OpenSSL however brings its own problems:

  • While dynamically linking it reduces the binary size, it also makes cross-compilation more difficult. I really don't want to start providing pre-compiled static libraries of OpenSSL for different platforms, as that is A) more work for us B) less secure compared to using a package from a trusted source
  • OpenSSL's error handling mechanism relies on thread-local state, and from searching around the only sensible way of dealing with this is to clear the errors before every OpenSSL call. This, combined with Inko's scheduler, makes using OpenSSL very fragile. Even without the scheduler, the thread-local error queue mechanism is horrible to work with
  • If I'm not mistaken, OpenSSL by default also enables insecure algorithms (e.g. TLS 1.1 and older), requiring you to explicitly set a minimum version. This is doable, but I worry there are other parts where it's making the wrong/outdated decisions. That is, using OpenSSL feels like walking through a minefield

My current thought is that we can do the following:

  • Polling sockets is exposed through an external runtime function (the above sketch already relies/makes use of that)
  • All TLS code is moved into a separate crate that basically acts as a C wrapper around rustls. We then handle WouldBlock errors in the standard library
  • If std.net.tls is imported, we have to somehow inject the static library produced by this crate. What we could do is name this e.g. libinkotls and when we detect import extern "inkotls" we ensure we always import the static library, instead of searching the system libraries

Using this approach we should be able to offer a safe TLS setup, without messing around with OpenSSL, and without always increasing the executable sizes.

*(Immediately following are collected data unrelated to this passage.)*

(* For a chance node h, beta(h) = sum_a b_h(a), with b_h(a) = 1 if the
   subtree via a has no chance node, else the max of beta over its chance
   nodes. *)
Fixpoint has_chance (t : tree) : bool :=
  match t with
  | Leaf => false
  | Chance _ _ _ => true
  | Dec J ch => [exists a, has_chance (ch a)]
  end.

Fixpoint max_beta (t : tree) : nat :=
  match t with
  | Leaf => 0%N
  | Chance n p ch =>
      maxn (\sum_(i < n) (if has_chance (ch i) then max_beta (ch i) else 1%N))
           (\max_(i < n) max_beta (ch i))
  | Dec J ch => \max_(a < nact J) max_beta (ch a)
  end.

Definition max_branching (t : tree) : nat :=
  if has_chance t then max_beta t else 1%N.

End Game.

(* pr_1(Gamma): same tree (and same utilities, since leaves are identified by
   their action paths), with each Player-1 node relabelled by the pair
   (infoset, obs_1(h)), where obs_1(h) is the list of (infoset, action) pairs
   of Player 1 along the root-to-h path (excluding h). Two nodes are in the
   same refined infoset iff they are in the same infoset of Gamma and have
   the same obs_1. *)
Fixpoint pr1_from (R : Type) (Inf : Type) (nact : Inf -> nat)
    (hist : seq (Inf * nat)) (t : tree R Inf nact)
    : tree R (Inf * seq (Inf * nat)) (fun J => nact J.1) :=
  match t with
  | Leaf => Leaf
  | Chance n p ch => Chance n p (fun i => pr1_from hist (ch i))
  | Dec J ch =>
      @Dec R (Inf * seq (Inf * nat)) (fun K => nact K.1) (J, hist)
        (fun a => pr1_from (rcons hist (J, nat_of_ord a)) (ch a))
  end.

Definition pr1 (R : Type) (Inf : Type) (nact : Inf -> nat) (t : tree R Inf nact) :=
  pr1_from [::] t.

From mathcomp Require Import all_boot all_order all_algebra.
From mathcomp Require Import reals boolp.
Import Order.TTheory GRing.Theory Num.Theory.
Set Implicit Arguments. Unset Strict Implicit. Unset Printing Implicit Defensive.
Local Open Scope ring_scope.

(* Fix a behavioral strategy s' of pr_1(Gamma).  Bottom-up, the value of s' at
   a node is dominated by the summed values, in Gamma, of at most
   [max_branching] behavioral strategies of Gamma.  At a leaf one strategy
   suffices.  At a Player-1 node the refined infoset is visited only there, so
   the mixture of s' is dominated by its best action b; the strategies covering
   the b-subtree are switched to play b at this infoset, which does not change
   their value on that subtree since, without absentmindedness, the infoset
   does not recur in it.  At a chance node the families of the children are
   concatenated, whence the sum beta(h) = sum_a b_h(a).  At the root each
   strategy of the family is worth at most opt(Gamma). *)

Lemma ler_sum_summand (R : numDomainType) (I : finType) (F : I -> R) (i : I) :
  (forall j, 0 <= F j) -> F i <= \sum_j F j.
Proof. by move=> F_ge0; rewrite (bigD1 i) //= lerDl sumr_ge0. Qed.

Lemma convex_comb_le (R : numDomainType) (I : finType) (w F : I -> R) (c : R) :
  (forall i, 0 <= w i) -> \sum_i w i = 1 -> (forall i, F i <= c) ->
  \sum_i w i * F i <= c.
Proof.
move=> w_ge0 w_sum1 F_le; apply: (@le_trans _ _ (\sum_i w i * c)).
  by apply: ler_sum => i _; rewrite ler_wpM2l.
by rewrite -big_distrl /= w_sum1 mul1r.
Qed.

Definition pure {R : realType} {n} (b : nat) (a : 'I_n) : R := (nat_of_ord a == b)%:R.

Lemma sum_pure (R : realType) n (b : 'I_n) (F : 'I_n -> R) :
  \sum_a pure b a * F a = F b.
Proof.
rewrite (bigD1 b) //= /pure eqxx mul1r big1 ?addr0 // => a.
by rewrite -(inj_eq val_inj) => /negbTE ->; rewrite mul0r.
Qed.

Lemma pure_distribution (R : realType) n (b : nat) : (b < n)%N ->
  (forall a : 'I_n, (0 : R) <= pure b a) /\ \sum_(a < n) pure b a = 1 :> R.
Proof.
move=> lt_bn; split=> [a|]; first exact: ler0n.
have /= <- := sum_pure (Ordinal lt_bn) (fun=> 1 : R).
by apply: eq_bigr => a _; rewrite mulr1.
Qed.

Lemma behavioral_exists (R : realType) (Inf : eqType) (nact : Inf -> nat) :
  (forall I, (0 < nact I)%N) ->
  exists s : forall I : Inf, 'I_(nact I) -> R, behavioral s.
Proof.
by move=> nact_gt0; exists (fun I => pure 0); move=> I; exact: pure_distribution.
Qed.

Section Refinement.
Variables (R : realType) (Inf : eqType) (nact : Inf -> nat).
Hypothesis nact_gt0 : forall I, (0 < nact I)%N.
Variables (u : seq nat -> R).
Hypothesis u_ge0 : forall z, 0 <= u z.

Local Notation tree := (tree R Inf nact).
Local Notation strat := (forall I : Inf, 'I_(nact I) -> R).

Definition bstrat := {s : strat | behavioral s}.

Lemma EU_ge0 (s : strat) (t : tree) path :
  behavioral s -> wf_tree t -> 0 <= EU_from u s path t.
Proof.
move=> s_beh; elim: t path => [|n p ch IH|J ch IH] path //=.
  by case=> _ [p_ge0 [_ ch_wf]]; apply: sumr_ge0 => i _; rewrite mulr_ge0 ?IH.
by case=> _ ch_wf; apply: sumr_ge0 => a _; rewrite mulr_ge0 ?IH ?(s_beh J).1.
Qed.

Fixpoint leaf_sum (path : seq nat) (t : tree) : R :=
  match t with
  | Leaf => u (rev path)
  | Chance n _ ch => \sum_(i < n) leaf_sum (nat_of_ord i :: path) (ch i)
  | Dec J ch => \sum_(a < nact J) leaf_sum (nat_of_ord a :: path) (ch a)
  end.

With that said, I'm not sure a 6 MiB increase is really worth the trouble, so I'll need to think about this for a bit.

yorickpeterse avatar Jul 18 '24 16:07 yorickpeterse

Dumping some OpenSSL related resources:

  • https://github.com/openssl/openssl/issues/3033
  • https://codereview.stackexchange.com/questions/108600/complete-async-openssl-example
  • https://stackoverflow.com/questions/18179128/how-to-manage-the-error-queue-in-openssl-ssl-get-error-and-err-get-error
  • https://stackoverflow.com/questions/37980798/openssl-error-handling
  • https://github.com/openssl/openssl/discussions/23025
  • https://github.com/openssl/openssl/issues/23451
  • https://hynek.me/articles/apple-openssl-verification-surprises/

yorickpeterse avatar Jul 18 '24 16:07 yorickpeterse

Regarding splitting libraries, I think that might actually make things worse: Rust doesn't have a stable ABI, so the separate TLS crate producing libinkotls.a would have to include the standard library as well. The result is that we end up linking with two .a libraries both including the exact same standard library code, resulting in an executable that's actually larger than when using a single library.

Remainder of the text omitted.